Pointers 101: a pointer is a piece of paper with the address of a house on it.

By writing &bar, you are taking the house called bar and writing its address down on an anonymous piece of scrap paper.

You then call a function with that pointer as an argument. What happens here is that the function makes another copy of the piece of paper.

Your swap function then takes two such local copies and swaps what address is written on them.

So that does nothing outside the function. Clear?

Now fundamentally even if there was not a copy inside the function of the address all you are working with is scrap paper with house addresses on them. No changes to such paper can actually move the data stored in house bar or foo.

Answer 5

If you want to swap pointers, not their values, you need to pass pointer of pointer:

void swapPointers(double** num1, double** num2)
{
  double* temp = *num1;
  *num1 = *num2;
  *num2 = temp;
}

You can see an example in: http://ideone.com/iklCta

You can work even with references:

void swapPointers(double*& num1, double*& num2) {
  double* temp = num1;
  num1 = num2;
  num2 = temp;
}

Example: http://ideone.com/w4k9mV

This is useful when you work with huge objects (e.g.: image data) and you do not want to move a lot of memory, but only references.

Answer 6

When you pass double *num1 into a function, you're passing in a pointer by value. That creates a variable in the function scope that holds the address of a double. When you assign to that, you're changing the value of the pointer in the function scope.

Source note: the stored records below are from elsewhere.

Definition rootsys (n : nat) (m : coxmat n) : set 'rV[R]_n :=
  [set b | exists (w : seq 'I_n) (s : 'I_n), b = act m w (alpha s)].

Definition hat_witness (n : nat) (m : coxmat n) (b c : 'rV[R]_n) (p : nat) : Prop :=
  exists (w : seq 'I_n) (s t : 'I_n),
    b = act m w (alpha s) /\ c = act m w (alpha t) /\ m s t = Some p.

(* the Coxeter matrix hat M on Phi[Gamma] (value independent of choices, per the paper) *)
Definition hatm (n : nat) (m : coxmat n) (b c : 'rV[R]_n) : option nat :=
  if b == c then Some 1%N else
  match pselect (exists p, hat_witness m b c p) with
  | left H => Some (projT1 (cid H))
  | right _ => None
  end.

(* the full subgraph hat Gamma_X, for X enumerated (without repetition) by the list l *)
Definition hat_sub (n : nat) (m : coxmat n) (l : seq 'rV[R]_n) : coxmat (size l) :=
  fun i j => hatm m (nth 0 l i) (nth 0 l j).

(* full subgraph Gamma_Y is of spherical type: form positive definite on span{alpha_s, s in Y} *)
Definition spherical_on (n : nat) (m : coxmat n) (Y : {set 'I_n}) : Prop :=
  forall v : 'rV[R]_n, v != 0 -> (forall i, i \notin Y -> v 0 i = 0) -> 0 < bil m v v.

Definition spherical (n : nat) (m : coxmat n) : Prop :=
  forall v : 'rV[R]_n, v != 0 -> 0 < bil m v v.

Definition affine (n : nat) (m : coxmat n) : Prop :=
  (forall v : 'rV[R]_n, 0 <= bil m v v) /\ ~ spherical m.

End Cox.

Definition nsph (R : realType) (n : nat) (m : coxmat n) : nat :=
  \max_(Y : {set 'I_n} | `[< spherical_on R m Y >]) #|Y|.

(* The canonical form is positive semi-definite and every root has norm 2. If
   hat m_{b,c} = p is finite for roots b <> c, then b = w(alpha_s) and
   c = w(alpha_t) with m_{s,t} = p, so <b,c> = -2 cos(pi/p) <= 0. A family of
   pairwise obtuse non-isotropic vectors in a semi-definite space of dimension n
   has at most 2n members: a vector u with <u,b> <> 0 for every member splits it
   into two halves, each lying in an open half-space and hence linearly
   independent. So X is finite. The Gram matrix of hat Gamma_X is L G L^T, where
   the rows of L enumerate X; it is therefore semi-definite, and any Y on which it
   is definite has |Y| <= rank G. Conversely G is definite on the indices of
   rank G independent rows of G, so rank G <= n_sph(A[Gamma]). *)

From HB Require Import structures.
From mathcomp Require Import all_boot all_order all_algebra.
From mathcomp Require Import boolp classical_sets cardinality reals trigo.
From mathcomp Require Import ring lra zify.
Set Implicit Arguments.
Unset Strict Implicit.
Unset Printing Implicit Defensive.
Import Order.TTheory GRing.Theory Num.Theory.
Local Open Scope ring_scope.

Lemma free_size_le (K : fieldType) (n : nat) (s : seq 'rV[K]_n) :
  free s -> (size s <= n)%N.
Proof.
move=> /eqP <-; apply: leq_trans (dimvS (subvf _)) _.
by rewrite dimvf dim_matrix mul1r.
Qed.

Section RowSelection.
Variables (K : fieldType) (k n : nat) (f : 'I_k -> 'I_n).

Lemma mul_rowsub1_out (x : 'rV[K]_k) i :
  i \notin codom f -> (x *m rowsub f 1%:M) 0 i = 0.
Proof.
move=> i_out; rewrite mxE big1 // => j _; rewrite !mxE.
have fj_neq : f j != i by apply: contraNneq i_out => <-; exact: codom_f.
by rewrite (negbTE fj_neq) mulr0.
Qed.

Hypothesis f_inj : injective f.

Lemma mul_rowsub1_img (x : 'rV[K]_k) j : (x *m rowsub f 1%:M) 0 (f j) = x 0 j.
Proof.
rewrite mxE (bigD1 j) //= !mxE eqxx mulr1 big1 ?addr0 // => l lj.
by rewrite !mxE (inj_eq f_inj) (negbTE lj) mulr0.
Qed.

Lemma rowsub1_free : row_free (rowsub f 1%:M : 'M[K]_(k, n)).
Proof.
by apply/inj_row_free => x x0; apply/rowP => j; rewrite -mul_rowsub1_img x0 !mxE.
Qed.

Lemma row_supported_rowsub1 (v : 'rV[K]_n) :
  (forall i, i \notin codom f -> v 0 i = 0) -> v = \row_j v 0 (f j) *m rowsub f 1%:M.
Proof.
move=> v_supp; apply/rowP => i; have [/codomP[j ->]|i_out] := boolP (i \in codom f).
  by rewrite mul_rowsub1_img mxE.
by rewrite mul_rowsub1_out // v_supp.
Qed.

End RowSelection.

Section MatrixForm.
Variables (R : realFieldType) (n : nat) (G : 'M[R]_n).

Definition mxform (u v : 'rV[R]_n) : R := (u *m G *m v^T) 0 0.

Lemma mxformDl u1 u2 v : mxform (u1 + u2) v = mxform u1 v + mxform u2 v.
Proof. by rewrite /mxform !mulmxDl mxE. Qed.

Lemma mxformZl a u v : mxform (a *: u) v = a * mxform u v.
Proof. by rewrite /mxform -!scalemxAl mxE. Qed.

Lemma mxformDr u v1 v2 : mxform u (v1 + v2) = mxform u v1 + mxform u v2.
Proof. by rewrite /mxform linearD /= mulmxDr mxE. Qed.

Lemma mxformZr a u v : mxform u (a *: v) = a * mxform u v.
Proof. by rewrite /mxform linearZ /= -scalemxAr mxE. Qed.

Lemma mxformNl u v : mxform (- u) v = - mxform u v.
Proof. by rewrite -scaleN1r mxformZl mulN1r. Qed.

Lemma mxformNr u v : mxform u (- v) = - mxform u v.
Proof. by rewrite -scaleN1r mxformZr mulN1r. Qed.

Lemma mxform0l v : mxform 0 v = 0.
Proof. by rewrite -(scale0r 0) mxformZl mul0r. Qed.

Lemma mxform0r u : mxform u 0 = 0.
Proof. by rewrite -(scale0r 0) mxformZr mul0r. Qed.

Lemma mxform_sumr (I : finType) u (F : I -> 'rV[R]_n) :
  mxform u (\sum_i F i) = \sum_i mxform u (F i).
Proof. exact: (big_morph _ (mxformDr u) (mxform0r u)). Qed.

Lemma mxform_suml (I : finType) v (F : I -> 'rV[R]_n) :
  mxform (\sum_i F i) v = \sum_i mxform (F i) v.
Proof. exact: (big_morph (mxform^~ v) (fun x y => mxformDl x y v) (mxform0l v)). Qed.

Lemma mxform_comb (I : finType) (a b : I -> R) (F : I -> 'rV[R]_n) :
  mxform (\sum_i a i *: F i) (\sum_j b j *: F j) =
  \sum_i \sum_j a i * b j * mxform (F i) (F j).
Proof.
rewrite mxform_suml; apply: eq_bigr => i _.
rewrite mxformZl mxform_sumr mulr_sumr; apply: eq_bigr => j _.
by rewrite mxformZr; ring.
Qed.

Lemma mxform_deltar u j : mxform u (delta_mx 0 j) = (u *m G) 0 j.
Proof. by rewrite /mxform trmx_delta -colE mxE. Qed.

Lemma nonneg_comb_eq0 (I : finType) u (F : I -> 'rV[R]_n) (k : I -> R) :
  (forall i, 0 < mxform u (F i)) -> (forall i, 0 <= k i) ->
  mxform u (\sum_i k i *: F i) = 0 -> forall i, k i = 0.
Proof.
move=> F_pos k_ge0; rewrite mxform_sumr => sum0 i.
have terms_ge0 j : true -> 0 <= mxform u (k j *: F j).
  by rewrite mxformZr mulr_ge0 // ltW.
have /(_ i isT)/eqP := psumr_eq0P (P := xpredT) terms_ge0 sum0.
by rewrite mxformZr mulf_eq0 (gt_eqF (F_pos i)) orbF => /eqP.
Qed.

Lemma exists_nonorth (s : seq 'rV[R]_n) :
  {in s, forall v, mxform v v != 0} -> exists u, {in s, forall v, mxform u v != 0}.
Proof.
elim: s => [|v s IHs] s_aniso; first by exists 0.
have [|u u_s] := IHs; first by move=> x xs; rewrite s_aniso // in_cons xs orbT.
have vv0 : mxform v v != 0 by rewrite s_aniso // in_cons eqxx.
have [uv0|uv] := eqVneq (mxform u v) 0; last first.
  by exists u => x; rewrite in_cons => /predU1P[->|/u_s].
(* u + t v works for all t > 0 smaller than every |<u,x>| / (|<v,x>| + 1). *)
pose bound x := `|mxform u x| / (`|mxform v x| + 1).
pose t := \big[Num.min/1]_(x <- s) bound x.
have bound_gt0 x : x \in s -> 0 < bound x.
  move=> xs; rewrite divr_gt0 ?normr_gt0 ?u_s //.
  by rewrite ltr_pwDr ?normr_ge0.
have t_gt0 : 0 < t.
  rewrite /t big_seq; apply: (big_ind (fun y => 0 < y)) => //= x y.
  by rewrite lt_min => -> ->.
exists (u + t *: v) => x; rewrite in_cons mxformDl mxformZl.
case/predU1P=> [->|xs]; first by rewrite uv0 add0r mulf_neq0 ?(gt_eqF t_gt0).
have t_le : t <= bound x by rewrite /t (big_rem_AC _ _ _ _ xs) /= ge_min lexx.
apply/eqP => sum0; have uxE : mxform u x = - (t * mxform v x).
  by apply/eqP; rewrite -addr_eq0 sum0.
move: t_le; rewrite /bound uxE normrN normrM gtr0_norm //.
rewrite ler_pdivlMr ?ltr_pwDr ?normr_ge0 //.
have := normr_ge0 (mxform v x); nra.
Qed.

Just like you have to pass in a pointer to a double, dereference it, and assign to swap a double, you have to pass in a pointer to a pointer, dereference it, and assign to swap a pointer.

Answer 7

When you call

swapPointersClassic(&foo, &bar)

You are taking the address of two items on the stack. These values are being passed in as temporaries and are copied by value. In your function body, you swap where these temporaries point, but don't move where foo and bar are pointing.

Most importantly, foo and bar live on the stack. You can't change where variables live in the stack in C++. A value is mapped to a spot on the stack and lives there. You can get a pointer to where that value lives to do pass-by-pointer (similar to pass-by-reference) but just by changing where that temporary pointer points you aren't changing where the pointed-to object lives.

Answer 8

You are passing the pointers themselves by value; num1 and num2 are local copies of pointers that the caller calls the function with. So the swapping is not visible at the callsite when the function exits since the modifications were only made to variables that are local to the function.

Instead, change the function to take references to the pointers and your swapping code will work as intended to.

void swapPointers(double*& num1, double*& num2) { ... }

Now, your function parameters are aliases for the pointers that the caller passes to the function, and whatever you do to them will affect the pointers in the caller's context as well.